- _PROVIDED ENTRIES_

++++++

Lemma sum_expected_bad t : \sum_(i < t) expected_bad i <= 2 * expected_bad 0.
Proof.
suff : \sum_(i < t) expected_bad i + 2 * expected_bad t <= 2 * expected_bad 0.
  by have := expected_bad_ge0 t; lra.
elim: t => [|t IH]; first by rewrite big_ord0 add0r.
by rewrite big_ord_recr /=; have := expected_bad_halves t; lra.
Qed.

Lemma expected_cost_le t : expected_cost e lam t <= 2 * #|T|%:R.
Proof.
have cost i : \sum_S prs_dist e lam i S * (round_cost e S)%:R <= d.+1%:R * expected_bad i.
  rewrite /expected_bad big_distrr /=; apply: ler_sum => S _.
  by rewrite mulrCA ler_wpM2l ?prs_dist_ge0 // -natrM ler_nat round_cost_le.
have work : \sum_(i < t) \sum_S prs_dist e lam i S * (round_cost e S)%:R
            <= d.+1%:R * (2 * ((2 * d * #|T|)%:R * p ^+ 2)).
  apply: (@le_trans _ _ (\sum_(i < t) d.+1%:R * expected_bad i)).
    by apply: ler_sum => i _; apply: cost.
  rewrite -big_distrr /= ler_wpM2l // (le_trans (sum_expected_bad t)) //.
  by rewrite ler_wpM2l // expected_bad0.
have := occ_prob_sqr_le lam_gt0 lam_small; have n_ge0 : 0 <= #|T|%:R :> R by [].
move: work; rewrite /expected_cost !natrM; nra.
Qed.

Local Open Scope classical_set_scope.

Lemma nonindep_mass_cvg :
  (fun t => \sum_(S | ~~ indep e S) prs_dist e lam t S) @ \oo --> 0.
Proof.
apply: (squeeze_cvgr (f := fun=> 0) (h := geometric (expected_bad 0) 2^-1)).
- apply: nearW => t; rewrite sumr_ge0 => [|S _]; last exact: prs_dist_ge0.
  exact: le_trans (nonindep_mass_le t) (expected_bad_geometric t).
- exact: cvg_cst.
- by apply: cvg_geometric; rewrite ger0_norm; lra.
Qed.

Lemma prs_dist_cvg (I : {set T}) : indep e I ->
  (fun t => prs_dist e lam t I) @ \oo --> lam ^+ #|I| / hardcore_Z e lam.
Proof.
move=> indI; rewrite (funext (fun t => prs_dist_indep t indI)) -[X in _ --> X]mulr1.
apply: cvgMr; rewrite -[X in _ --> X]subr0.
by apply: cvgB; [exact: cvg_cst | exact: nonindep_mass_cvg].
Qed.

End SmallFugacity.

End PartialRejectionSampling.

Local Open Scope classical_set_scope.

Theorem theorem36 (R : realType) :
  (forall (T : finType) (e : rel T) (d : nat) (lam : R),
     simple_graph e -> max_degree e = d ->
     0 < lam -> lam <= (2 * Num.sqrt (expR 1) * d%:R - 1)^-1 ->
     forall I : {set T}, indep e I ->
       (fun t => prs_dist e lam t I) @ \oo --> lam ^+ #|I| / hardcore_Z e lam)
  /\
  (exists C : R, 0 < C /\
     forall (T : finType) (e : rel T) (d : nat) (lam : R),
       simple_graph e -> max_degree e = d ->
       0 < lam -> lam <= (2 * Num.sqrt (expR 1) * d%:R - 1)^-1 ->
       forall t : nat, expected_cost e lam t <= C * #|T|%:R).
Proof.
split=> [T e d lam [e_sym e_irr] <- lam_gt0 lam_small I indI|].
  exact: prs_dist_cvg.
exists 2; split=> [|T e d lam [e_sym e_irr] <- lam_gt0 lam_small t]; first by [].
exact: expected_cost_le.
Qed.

++++++

- _WHAT IS BEING ASKED_
Set down each line of the material above again, exactly.

- _TASK OUTPUT_
Lemma sum_expected_bad t : \sum_(i < t) expected_bad i <= 2 * expected_bad 0.
Proof.
suff : \sum_(i < t) expected_bad i + 2 * expected_bad t <= 2 * expected_bad 0.
  by have := expected_bad_ge0 t; lra.
elim: t => [|t IH]; first by rewrite big_ord0 add0r.
by rewrite big_ord_recr /=; have := expected_bad_halves t; lra.
Qed.

Lemma expected_cost_le t : expected_cost e lam t <= 2 * #|T|%:R.
Proof.
have cost i : \sum_S prs_dist e lam i S * (round_cost e S)%:R <= d.+1%:R * expected_bad i.
  rewrite /expected_bad big_distrr /=; apply: ler_sum => S _.
  by rewrite mulrCA ler_wpM2l ?prs_dist_ge0 // -natrM ler_nat round_cost_le.
have work : \sum_(i < t) \sum_S prs_dist e lam i S * (round_cost e S)%:R
            <= d.+1%:R * (2 * ((2 * d * #|T|)%:R * p ^+ 2)).
  apply: (@le_trans _ _ (\sum_(i < t) d.+1%:R * expected_bad i)).
    by apply: ler_sum => i _; apply: cost.
  rewrite -big_distrr /= ler_wpM2l // (le_trans (sum_expected_bad t)) //.
  by rewrite ler_wpM2l // expected_bad0.
have := occ_prob_sqr_le lam_gt0 lam_small; have n_ge0 : 0 <= #|T|%:R :> R by [].
move: work; rewrite /expected_cost !natrM; nra.
Qed.

Local Open Scope classical_set_scope.

Lemma nonindep_mass_cvg :
  (fun t => \sum_(S | ~~ indep e S) prs_dist e lam t S) @ \oo --> 0.
Proof.
apply: (squeeze_cvgr (f := fun=> 0) (h := geometric (expected_bad 0) 2^-1)).
- apply: nearW => t; rewrite sumr_ge0 => [|S _]; last exact: prs_dist_ge0.
  exact: le_trans (nonindep_mass_le t) (expected_bad_geometric t).
- exact: cvg_cst.
- by apply: cvg_geometric; rewrite ger0_norm; lra.
Qed.

Lemma prs_dist_cvg (I : {set T}) : indep e I ->
  (fun t => prs_dist e lam t I) @ \oo --> lam ^+ #|I| / hardcore_Z e lam.
Proof.
move=> indI; rewrite (funext (fun t => prs_dist_indep t indI)) -[X in _ --> X]mulr1.
apply: cvgMr; rewrite -[X in _ --> X]subr0.
by apply: cvgB; [exact: cvg_cst | exact: nonindep_mass_cvg].
Qed.

End SmallFugacity.

End PartialRejectionSampling.

Local Open Scope classical_set_scope.

Theorem theorem36 (R : realType) :
  (forall (T : finType) (e : rel T) (d : nat) (lam : R),
     simple_graph e -> max_degree e = d ->
     0 < lam -> lam <= (2 * Num.sqrt (expR 1) * d%:R - 1)^-1 ->
     forall I : {set T}, indep e I ->
       (fun t => prs_dist e lam t I) @ \oo --> lam ^+ #|I| / hardcore_Z e lam)
  /\
  (exists C : R, 0 < C /\
     forall (T : finType) (e : rel T) (d : nat) (lam : R),
       simple_graph e -> max_degree e = d ->
       0 < lam -> lam <= (2 * Num.sqrt (expR 1) * d%:R - 1)^-1 ->
       forall t : nat, expected_cost e lam t <= C * #|T|%:R).
Proof.
split=> [T e d lam [e_sym e_irr] <- lam_gt0 lam_small I indI|].
  exact: prs_dist_cvg.
exists 2; split=> [|T e d lam [e_sym e_irr] <- lam_gt0 lam_small t]; first by [].
exact: expected_cost_le.
Qed.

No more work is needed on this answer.